:: Action item ::
Among the lines of the records, please find those that contain the word "pose" and copy them.

*** Records to use ***

Lemma continuous_open_nbhs (X Y : topologicalType) (f : X -> Y) x (O : set Y) :
  {for x, continuous f} -> open O -> O (f x) -> \forall t \near x, O (f t).
Proof. by move=> cf oO Ofx; apply: cf; exact: open_nbhs_nbhs. Qed.

Lemma fst_continuous (X Y : topologicalType) : continuous (@fst X Y).
Proof. by case=> x y; exact: cvg_fst. Qed.

Lemma snd_continuous (X Y : topologicalType) : continuous (@snd X Y).
Proof. by case=> x y; exact: cvg_snd. Qed.

Lemma tube_lemma (X Y : topologicalType) (K : set Y) (x0 : X) (P : X -> Y -> Prop) :
  compact K -> (forall y, K y -> \forall p \near (x0, y), P p.1 p.2) ->
  \forall x \near x0, forall y, K y -> P x y.
Proof.
move=> /compact_near_coveringP cK near_P; apply: cK => y Ky.
have [[A B] [nA nB] AB] := near_P y Ky.
by exists (B, A) => // -[y' x'] [By' Ax']; exact: (AB (x', y')).
Qed.

Section TopologicalGroup.
Variables (T : topologicalType) (mul : T -> T -> T) (inv : T -> T) (e : T).
Hypothesis tg : topological_group mul inv e.

Let gl : group_laws mul inv e. Proof. by case: tg. Qed.

Lemma continuous_mulg (X : topologicalType) (f g : X -> T) x :
  {for x, continuous f} -> {for x, continuous g} ->
  {for x, continuous (fun t => mul (f t) (g t))}.
Proof. by case: tg => _ mulC _ cf cg; exact: (continuous2_cvg _ (mulC (f x, g x)) cf cg). Qed.

Lemma continuous_invg (X : topologicalType) (f : X -> T) x :
  {for x, continuous f} -> {for x, continuous (fun t => inv (f t))}.
Proof. by case: tg => _ _ invC cf; exact: (continuous_comp cf (invC _)). Qed.

Lemma continuous_lmulg a : continuous (mul a).
Proof. by move=> x; apply: continuous_mulg; [exact: cst_continuous | exact: cvg_id]. Qed.

Lemma open_subgroup_of_nbhs H : subgroup mul inv e H -> nbhs e H -> open H.
Proof.
move=> sH nH; rewrite openE => x Hx.
have : \forall t \near x, H (mul (inv x) t).
  by have /(_ H) := @continuous_lmulg (inv x) x; rewrite /= (mulVg gl); apply.
by apply: filterS => t Ht; rewrite -(mulKVg gl x t); exact: (subgroupM sH Hx Ht).
Qed.

Hypothesis cpt : compact [set: T].

Lemma exists_gpow_in_open_subgroup x S : open S -> subgroup mul inv e S ->
  exists2 n, 0 < n & S (gpow mul e x n).
Proof.
(* Two arbitrarily large powers of [x] lie in the neighbourhood [z S] of a cluster
   point [z] of the powers of [x]; their quotient is a positive power in [S]. *)
move=> oS sS; have [z [_ clz]] := @cpt ((gpow mul e x) @ \oo) _ filterT.
have near_z : \forall y \near z, S (mul (inv z) y).
  apply: (continuous_open_nbhs _ oS); first exact: continuous_lmulg.
  by rewrite (mulVg gl); exact: (subgroup1 sS).
have late N : exists2 n, N < n & S (mul (inv z) (gpow mul e x n)).
  have FN : ((gpow mul e x) @ \oo) [set y | exists2 n, N < n & gpow mul e x n = y].
    by apply: filterS (nbhs_infty_gt N) => n Nn; exists n.
  by have [_ [[n Nn <-] Sn]] := clz _ _ FN near_z; exists n.
have [n1 _ S1] := late 0; have [n2 n12 S2] := late n1.
exists (n2 - n1); first by rewrite subn_gt0.
have := subgroupM sS (subgroupV sS S1) S2.
rewrite (invMg gl) (invgK gl) -(mulgA gl) (mulKVg gl).
by rewrite -{1}(subnKC (ltnW n12)) (gpowD gl) (mulKg gl).
Qed.

Lemma clopen_rstab_open W : clopen W -> open (rstab mul W).
Proof.
case=> oW cW; apply: open_subgroup_of_nbhs; first exact: rstab_subgroup.
have : \forall x \near e, forall w, W w -> W (mul w x) /\ W (mul w (inv x)).
  apply: tube_lemma; first exact: (subclosed_compact cW cpt).
  move=> w Ww.
  have Wr : \forall p \near (e, w), W (mul p.2 p.1).
    apply: (continuous_open_nbhs _ oW); last by rewrite /= (mulg1 gl).
    by apply: continuous_mulg; [exact: snd_continuous | exact: fst_continuous].
  have Wl : \forall p \near (e, w), W (mul p.2 (inv p.1)).
    apply: (continuous_open_nbhs _ oW); last by rewrite /= (invg1 gl) (mulg1 gl).
    apply: continuous_mulg; first exact: snd_continuous.
    by apply: continuous_invg; exact: fst_continuous.
  by apply: filterS2 Wr Wl.
apply: filterS => x Wx w; split; last by move=> /Wx[].
by move=> /Wx[_]; rewrite (mulgK gl).
Qed.

Lemma open_core S : open S -> subgroup mul inv e S -> open (core mul inv S).
Proof.
move=> oS sS; apply: open_subgroup_of_nbhs; first exact: core_subgroup.
have : \forall y \near e, forall g, [set: T] g -> S (mul (inv g) (mul y g)).
  apply: tube_lemma cpt _ => g _; apply: (continuous_open_nbhs _ oS).
    apply: continuous_mulg; first by apply: continuous_invg; exact: snd_continuous.
    by apply: continuous_mulg; [exact: fst_continuous | exact: snd_continuous].
  by rewrite /= (mul1g gl) (mulVg gl); exact: (subgroup1 sS).
by apply: filterS => y Sy g; exact: Sy.
Qed.

End TopologicalGroup.

Section ContinuousAction.
Variables (G : topologicalType) (mul : G -> G -> G) (inv : G -> G) (e : G).
Variables (A : topologicalType) (amul : A -> A -> A) (ainv : A -> A) (ae : A).
Variable act : A -> G -> G.
Hypotheses (tgG : topological_group mul inv e) (cG : compact [set: G]).
Hypotheses (tgA : topological_group amul ainv ae) (cA : compact [set: A]).
Hypotheses (act1 : forall x, act ae x = x)
  (actM : forall a b x, act (amul a b) x = act b (act a x))
  (act_cont : continuous (fun p : A * G => act p.1 p.2)).

Lemma act_gpow a n x : act (gpow amul ae a n) x = iter n (act a) x.
Proof. by elim: n x => [|n IH] x //=; rewrite actM IH -iterSr. Qed.

Lemma exists_open_normal_kernel_mod U : open U -> subgroup mul inv e U ->
  exists V, open_normal_subgroup amul ainv ae V /\
    forall a x, V a -> U (mul (inv x) (act a x)).
Proof.
move=> oU sU.
have glG : group_laws mul inv e by case: tgG.
have glA : group_laws amul ainv ae by case: tgA.
pose K := [set a | forall x, U (mul (inv x) (act a x))].
have sK : subgroup amul ainv ae K.
  split=> [x | a b Ka Kb x | a Ka x].
  - by rewrite act1 (mulVg glG); exact: (subgroup1 sU).
  - rewrite actM -(mulKVg glG (act a x) (act b (act a x))) (mulgA glG).
    exact: (subgroupM sU (Ka x) (Kb _)).
  - have := subgroupV sU (Ka (act (ainv a) x)).
    by rewrite -actM (mulVg glA) act1 (invMg glG) (invgK glG).
have oK : open K.
  apply: (open_subgroup_of_nbhs tgA sK).
  have : \forall a \near ae, forall x, [set: G] x -> U (mul (inv x) (act a x)).
    apply: tube_lemma cG _ => x _; apply: (continuous_open_nbhs _ oU).
      apply: (continuous_mulg tgG); last exact: act_cont.
      by apply: (continuous_invg tgG); exact: snd_continuous.
    by rewrite /= act1 (mulVg glG); exact: (subgroup1 sU).
  by apply: filterS => a Ka x; exact: Ka.
exists (core amul ainv K); split; last by move=> a x /(core_sub glA) /(_ x).
split; [exact: (open_core tgA cA oK sK) | exact: (core_subgroup glA sK) |].
exact: (core_normal glA).
Qed.

End ContinuousAction.

Definition quasi_component (T : topologicalType) (x : T) :=
  [set z | forall C : set T, clopen C -> C x -> C z].

Lemma closed_quasi_component (T : topologicalType) (x : T) :
  closed (quasi_component x).
Proof.
move=> z clz C [oC cC] Cx; apply: contrapT => nCz.
have nCz_nbhs : nbhs z (~` C) by apply: open_nbhs_nbhs; split=> //; exact: closed_openC.
by have [q [Qq nCq]] := clz _ nCz_nbhs; exact: nCq (Qq C (conj oC cC) Cx).
Qed.

Section ZeroDimensional.
Variable T : topologicalType.
Hypotheses (hT : hausdorff_space T) (cT : compact [set: T]).

Lemma separate_closed (P R : set T) : closed P -> closed R -> P `&` R = set0 ->
  exists U V, [/\ open U, open V, P `<=` U, R `<=` V & U `&` V = set0].
Proof.
move=> cP cR PR.
have snP : set_nbhs P (~` R).
  move=> p Pp; apply: open_nbhs_nbhs; split; first exact: closed_openC.
  by move=> Rp; have : (P `&` R) p by []; rewrite PR.
have [D sD cD] := compact_normal hT cT cP snP.
exists (interior D), (~` closure D); split.
- exact: open_interior.
- exact/closed_openC/closed_closure.
- by move=> p Pp; apply: sD.
- by move=> r Rr cDr; exact: (cD r cDr Rr).
- apply/seteqP; split=> // u [Du nDu]; apply: nDu; apply: subset_closure.
  exact: (nbhs_singleton Du).
Qed.

Lemma clopen_sub_open (x : T) W : open W -> quasi_component x `<=` W ->
  exists C, [/\ clopen C, C x & C `<=` W].
Proof.
move=> oW QW; apply: contrapT => noC.
have cK : compact (~` W) by apply: (subclosed_compact _ cT) => //; exact: open_closedC.
pose F := filter_from [set C | clopen C /\ C x] (fun C => C `&` ~` W).
have FF : Filter F.
  apply: filter_from_filter; first by exists setT; split=> //; exact: clopenT.
  move=> C1 C2 [clC1 C1x] [clC2 C2x]; exists (C1 `&` C2); first by split; [exact: clopenI|].
  by move=> z [[? ?] ?].
have PF : ProperFilter F.
  apply: filter_from_proper => C [clC Cx]; apply/set0P/eqP => CW; apply: noC.
  exists C; split=> // z Cz; apply: contrapT => nWz.
  by have : (C `&` ~` W) z by []; rewrite CW.
have FW : F (~` W) by exists setT; [split=> //; exact: clopenT | move=> z []].
have [z [nWz clz]] := cK F PF FW.
apply: nWz; apply: QW => C clC Cx; apply: contrapT => nCz.
have nCz_nbhs : nbhs z (~` C).
  by apply: open_nbhs_nbhs; split=> //; case: clC => _; exact: closed_openC.
have FC : F (C `&` ~` W) by exists C.
by have [w [[Cw _] nCw]] := clz _ _ FC nCz_nbhs; exact: nCw Cw.
Qed.

Lemma quasi_component_sub (x : T) (P R : set T) : closed P -> closed R ->
  P `&` R = set0 -> quasi_component x `<=` P `|` R -> P x -> quasi_component x `<=` P.
Proof.
move=> cP cR PR QPR Px.
have [U [V [oU oV PU RV UV]]] := separate_closed cP cR PR.
have QUV : quasi_component x `<=` U `|` V.
  by move=> z /QPR[/PU|/RV]; [left|right].
have [C [[oC cC] Cx CUV]] := clopen_sub_open (openU oU oV) QUV.
have CU : C `&` U = C `&` ~` V.
  apply/seteqP; split=> z [Cz Hz]; split=> //.
    by move=> Vz; have : (U `&` V) z by []; rewrite UV.
  by case: (CUV z Cz) => // /Hz.
have clCU : clopen (C `&` U).
  by split; [exact: openI | rewrite CU; apply: closedI => //; exact: open_closedC].
move=> z Qz; have [_ Uz] := Qz _ clCU (conj Cx (PU x Px)).
case: (QPR z Qz) => // /RV Vz.
by have : (U `&` V) z by []; rewrite UV.
Qed.

Lemma quasi_component_connected (x : T) : connected (quasi_component x).
Proof.
move=> B [b Bb] [O oO BO] [F cF BF].
have BQ : B `<=` quasi_component x by rewrite BO => z [].
have cB : closed B by rewrite BF; apply: closedI => //; exact: closed_quasi_component.
pose R := quasi_component x `&` ~` O.
have cR : closed R by apply: closedI; [exact: closed_quasi_component | exact: open_closedC].
have BR : B `&` R = set0 by rewrite BO; apply/seteqP; split=> // z [[_ Oz] [_ nOz]].
have QBR : quasi_component x `<=` B `|` R.
  by move=> z Qz; rewrite BO; have [Oz|nOz] := pselect (O z); [left|right].
apply/seteqP; split=> //; have [Bx|nBx] := pselect (B x).
  exact: quasi_component_sub cB cR BR QBR Bx.
have Rx : R x by case: (QBR x (fun C _ => id)).
rewrite setIC in BR; rewrite setUC in QBR.
have [_ nOb] := quasi_component_sub cR cB BR QBR Rx (BQ b Bb).
by move: Bb; rewrite BO => -[].
Qed.

Lemma compact_totally_disconnected_zero_dimensional :
  totally_disconnected [set: T] -> zero_dimensional T.
Proof.
move=> tdT x y /eqP xy; apply: contrapT => noC; apply: xy.
have Qy : quasi_component x y.
  by move=> C clC Cx; apply: contrapT => nCy; apply: noC; exists C.
have := connected_component_max (fun C _ => id) (@subsetT _ _) (@quasi_component_connected x) Qy.
by rewrite (tdT x I) => ->.
Qed.

End ZeroDimensional.

Lemma profinite_open_normal_trivial (T : topologicalType) (mul : T -> T -> T)
    (inv : T -> T) (e : T) c :
  profinite_group mul inv e ->
  (forall U, open_normal_subgroup mul inv e U -> U c) -> c = e.
Proof.
move=> [tg cT hT tdT] cU; apply: contrapT => ce.
have gl : group_laws mul inv e by case: tg.
have [W [clW We nWc]] : exists W, [/\ clopen W, W e & ~ W c].
  by apply: compact_totally_disconnected_zero_dimensional => //; apply/eqP => /esym.
apply: nWc; apply: (rstab_sub gl We); apply: (core_sub gl); apply: cU; split.
- exact: (open_core tg cT (clopen_rstab_open tg cT clW) (rstab_subgroup gl W)).
- exact: (core_subgroup gl (rstab_subgroup gl W)).
- exact: (core_normal gl).
Qed.

Section CoprimeAutomorphism.
Variables (G : topologicalType) (mul : G -> G -> G) (inv : G -> G) (e : G).
Variables (A : topologicalType) (amul : A -> A -> A) (ainv : A -> A) (ae : A).
Variables (act : A -> G -> G) (phi : A).
Hypotheses (pnG : pronilpotent_group mul inv e)
  (cop : coprime_automorphism mul inv e amul ainv ae act phi).

Lemma fixed_mul_theta_in_open_normal c g1 g2 U :
  act phi c = c ->
  mul c (theta mul inv act phi g1) = theta mul inv act phi g2 ->
  open_normal_subgroup mul inv e U -> U c.
Proof.
move=> fc cg12 [oU sU nU].
have [[tgG cG _ _] nilG] := pnG.
have [[tgA cA _ _] _ [act1 actM actH act_cont] _ pi_disj] := cop.
have glG : group_laws mul inv e by case: tgG.
have [cl nil] := nilG U (And3 oU sU nU).
have [m [m_gt0 cmU m_min]] := ex_minn_pos (exists_gpow_in_open_subgroup tgG cG c oU sU).
have [V [[oV sV nV] VU]] :=
  exists_open_normal_kernel_mod tgG cG tgA cA act1 actM act_cont oU sU.
have [n [n_gt0 phinV n_min]] := ex_minn_pos (exists_gpow_in_open_subgroup tgA cA phi oV sV).
have mn : coprime m n.
  rewrite coprime_has_primes //; apply/hasPn => p; rewrite !mem_primes m_gt0 n_gt0 /=.
  case/andP=> p_pr p_n; apply/negP => /andP[_ p_m].
  apply: (pi_disj p); [exists phi | exists c]; split=> //; split=> //.
    by exists V; split; [split | exists n].
  by exists U; split; [split | exists m].
apply: (fixed_mul_theta_in_normal glG sU nU (actH phi) _ nil m_gt0 mn fc cg12 cmU).
by move=> x; rewrite -(act_gpow act1 actM); exact: VU.
Qed.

*** End of Records to use ***

:: Solution ::
pose K := [set a | forall x, U (mul (inv x) (act a x))].
pose F := filter_from [set C | clopen C /\ C x] (fun C => C `&` ~` W).
pose R := quasi_component x `&` ~` O.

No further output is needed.